When that happened that was my first time being around her falling. I want to be able to protect her. So, I start hovering over every move she made. And eventually she tells me to stop. At first, it made me angry, because I’m thinking to myself, she needs me to help her. And I’m angry because she won’t let me help her. Then it dawned on me, I never asked her if she needed my help. I just assumed she did. Because in my mind she’s sick and she can’t do this on her own. But then I realized that she needed that independence. She needed to be in control of her life and how she did things. It was a little hurtful at first. I guess because I wanted her to need me. And she explained to me that she does need me. She needs me for support and understanding and to know that yes, she has MS, but it does not define her. It may be days that she is a little more tired than usual, a bit slower, or she may forget something that may be important and that’s ok. Because the MS monster snatches all 3 of those things when it wants to. I realized that the help that I give her should be on her terms, her wants and needs. Not mine. I want her to do all the things that she is able to do for as long as she’s able to. I never want her to feel like she’s less than or that she’s a burden.

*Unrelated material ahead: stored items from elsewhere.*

Lemma homog_mon_ideal d F : homog d F -> mon_ideal d 0 F.
Proof.
move=> hF; rewrite (expand_mcoef F).
apply: big_ind => [|A B|k _]; [exact: gen_ideal0|exact: gen_idealD|].
apply: big_ind => [|A B|j _]; [exact: gen_ideal0|exact: gen_idealD|].
apply: big_ind => [|A B|i _]; [exact: gen_ideal0|exact: gen_idealD|].
have [->|Fijk] := eqVneq (mcoef F i j k) 0; first by rewrite cst0 mul0r; exact: gen_ideal0.
by apply/gen_idealMl/mon_ideal_mon; rewrite ?(hF _ _ _ Fijk).
Qed.

Lemma ideal_pt_coord_pt q b : proj_eq q (coord_pt b) -> ideal_pt q (lin (coord_pt (~~ b))).
Proof. by move=> qb; apply/ideal_pt_lin/(heval_lin_proj qb); rewrite heval_coord_pt; case: (b). Qed.

Lemma ideal_powX (I : R -> Prop) n f : I f -> ideal_pow I n (f ^+ n).
Proof.
move=> If; have := @ideal_pow_prod I (nseq n f); rewrite size_nseq prod_nseq; apply=> g.
by rewrite mem_nseq => /andP[_ /eqP->].
Qed.

Definition lead_x0 (p : nat) H := exists2 al : K, al != 0 & mon_ideal p 1 (H - cst al * x0 ^+ p).

Lemma mon_ideal_x0X p : mon_ideal p 0 (x0 ^+ p).
Proof.
have -> : x0 ^+ p = mon p 0 0 by rewrite /mon !expr0 !mulr1.
by apply: mon_ideal_mon; rewrite ?addn0.
Qed.

Lemma lead_x0_mon_ideal p H : lead_x0 p H -> mon_ideal p 0 H.
Proof.
move=> [al _ MH]; rewrite -(subrK (cst al * x0 ^+ p) H).
by apply: gen_idealD; [apply: mon_ideal_le MH | apply/gen_idealMl/mon_ideal_x0X].
Qed.

Lemma lead_x0_lin l : c0 l != 0 -> lead_x0 1 (lin l).
Proof.
move=> l0; exists (c0 l) => //.
have -> : lin l - cst (c0 l) * x0 ^+ 1 =
    cst (c1 l) * lin (coord_pt true) + cst (c2 l) * lin (coord_pt false).
  by rewrite !lin_coord_pt /lin expr1; ring.
by apply: gen_idealD; apply/gen_idealMl/mon_ideal_coord_pt.
Qed.

Lemma lead_x0M p1 p2 H1 H2 : lead_x0 p1 H1 -> lead_x0 p2 H2 -> lead_x0 (p1 + p2) (H1 * H2).
Proof.
move=> [al1 al1_0 MH1] LH2; have [al2 al2_0 MH2] := LH2.
exists (al1 * al2); first by rewrite mulf_neq0.
have -> : H1 * H2 - cst (al1 * al2) * x0 ^+ (p1 + p2) =
    (H1 - cst al1 * x0 ^+ p1) * H2 + cst al1 * (x0 ^+ p1 * (H2 - cst al2 * x0 ^+ p2)).
  by rewrite cstM exprD; ring.
apply: gen_idealD; first by apply: (mon_idealM MH1 (lead_x0_mon_ideal LH2)) => //; lia.
by apply/gen_idealMl/(mon_idealM (mon_ideal_x0X p1) MH2).
Qed.

Lemma lead_x0_1 : lead_x0 0 1.
Proof. by exists 1; rewrite ?oner_eq0 // cst1 expr0 mulr1 subrr; apply: gen_ideal0. Qed.

Lemma lead_x0X n p H : lead_x0 p H -> lead_x0 (n * p) (H ^+ n).
Proof.
by move=> LH; elim: n => [|n IH]; [exact: lead_x0_1 | rewrite mulSn exprS; apply: lead_x0M].
Qed.

Lemma lead_x0_prod (T : eqType) (rs : seq T) (d : T -> nat) (F : T -> R) :
  (forall i, i \in rs -> lead_x0 (d i) (F i)) ->
  lead_x0 (\sum_(i <- rs) d i) (\prod_(i <- rs) F i).
Proof.
elim: rs => [|i rs IH] LF; first by rewrite !big_nil; exact: lead_x0_1.
rewrite !big_cons; apply: lead_x0M; first by apply: LF; rewrite mem_head.
by apply: IH => j jrs; apply: LF; rewrite in_cons jrs orbT.
Qed.

Lemma mul_lead_x0 e o p A H : mon_ideal e o A -> lead_x0 p H ->
  exists2 al : K, al != 0 & mon_ideal (e + p) o.+1 (A * H - cst al * (x0 ^+ p * A)).
Proof.
move=> MA [al al0 MH]; exists al => //.
have -> : A * H - cst al * (x0 ^+ p * A) = A * (H - cst al * x0 ^+ p) by ring.
by apply: (mon_idealM MA MH) => //; lia.
Qed.

Lemma prod_lin_expand (T : Type) u v (al be : T -> K) y0 (rs : seq T) :
  mon_ideal 1 1 u -> mon_ideal 1 1 v ->
  exists2 B, mon_ideal (size rs) (size rs) B &
    \prod_(y <- y0 :: rs) (cst (al y) * u + v * cst (be y)) =
    cst (\prod_(y <- y0 :: rs) al y) * u ^+ (size rs).+1 + v * B.
Proof.
move=> Mu Mv; elim: rs y0 => [|y1 rs IH] y0.
  exists (cst (be y0)); last by rewrite !big_seq1 expr1.
  by rewrite -[cst _]mulr1 -(expr0 u); apply/gen_idealMl/mon_idealX.
have [B MB eB] := IH y1.
exists (cst (be y0 * \prod_(y <- y1 :: rs) al y) * u ^+ (size rs).+1
        + (cst (al y0) * u + v * cst (be y0)) * B).
  apply: gen_idealD; first exact/gen_idealMl/mon_idealX.
  apply: (@mon_idealM 1 1 _ _ _ _ _ _ _ MB) => //.
  by apply: gen_idealD; [apply: gen_idealMl Mu | apply: gen_idealMr Mv].
rewrite big_cons eB [\prod_(y <- y0 :: _) al y]big_cons.
by rewrite /= [u ^+ (size rs).+2]exprS !cstM; ring.
Qed.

I want to be honest with her. That yes, sometimes, seven years later, I lay in my bed at night and I think about the day in the grocery store and I cry. I cry now because I never knew she could be so strong. The way she is handling this monster. The way that she is a great mother to her children and gives them 110% even on her not so good days. That she’s a great friend to so many and tries to help anyone with anything she can. They say God gives some of his toughest battles to his strongest soldiers. I can never say that I don’t know anyone with MS anymore, because I have a sister with MS. I can honestly say I never even looked up what MS was, until it came for my family. I don’t know about others, but it sure has taught me a lot. I know when a lot of people look at my sister; especially if she’s just sitting down, you wouldn’t think anything is wrong. Because as some would say she doesn’t look sick. But really, what does sick look like? I know when I’ve showed a picture of her and I, and someone says that stupid phrase, I immediately get upset and on the defensive side.
I don’t want anyone to ever make her feel like she doesn’t belong or she shouldn’t be included just because sick doesn’t look like what they think it should. After I realized that she is stronger than what I gave her credit for, I understood what my role is. That is to research for myself about the disease, understand and not be ignorant to think that everyone who has MS is going to be the same. To be an advocate for my little sister when she needs me to be. I don’t know where MS is going to take my family. All I know is I’m going to be in her corner as long as God will allow me to be. I will continue to let her know and to show her that I love her so much. We always think we have time. My sister and I know better than anyone, that life can change in a nanosecond. It did for my family in the biggest way but we won’t let it define US.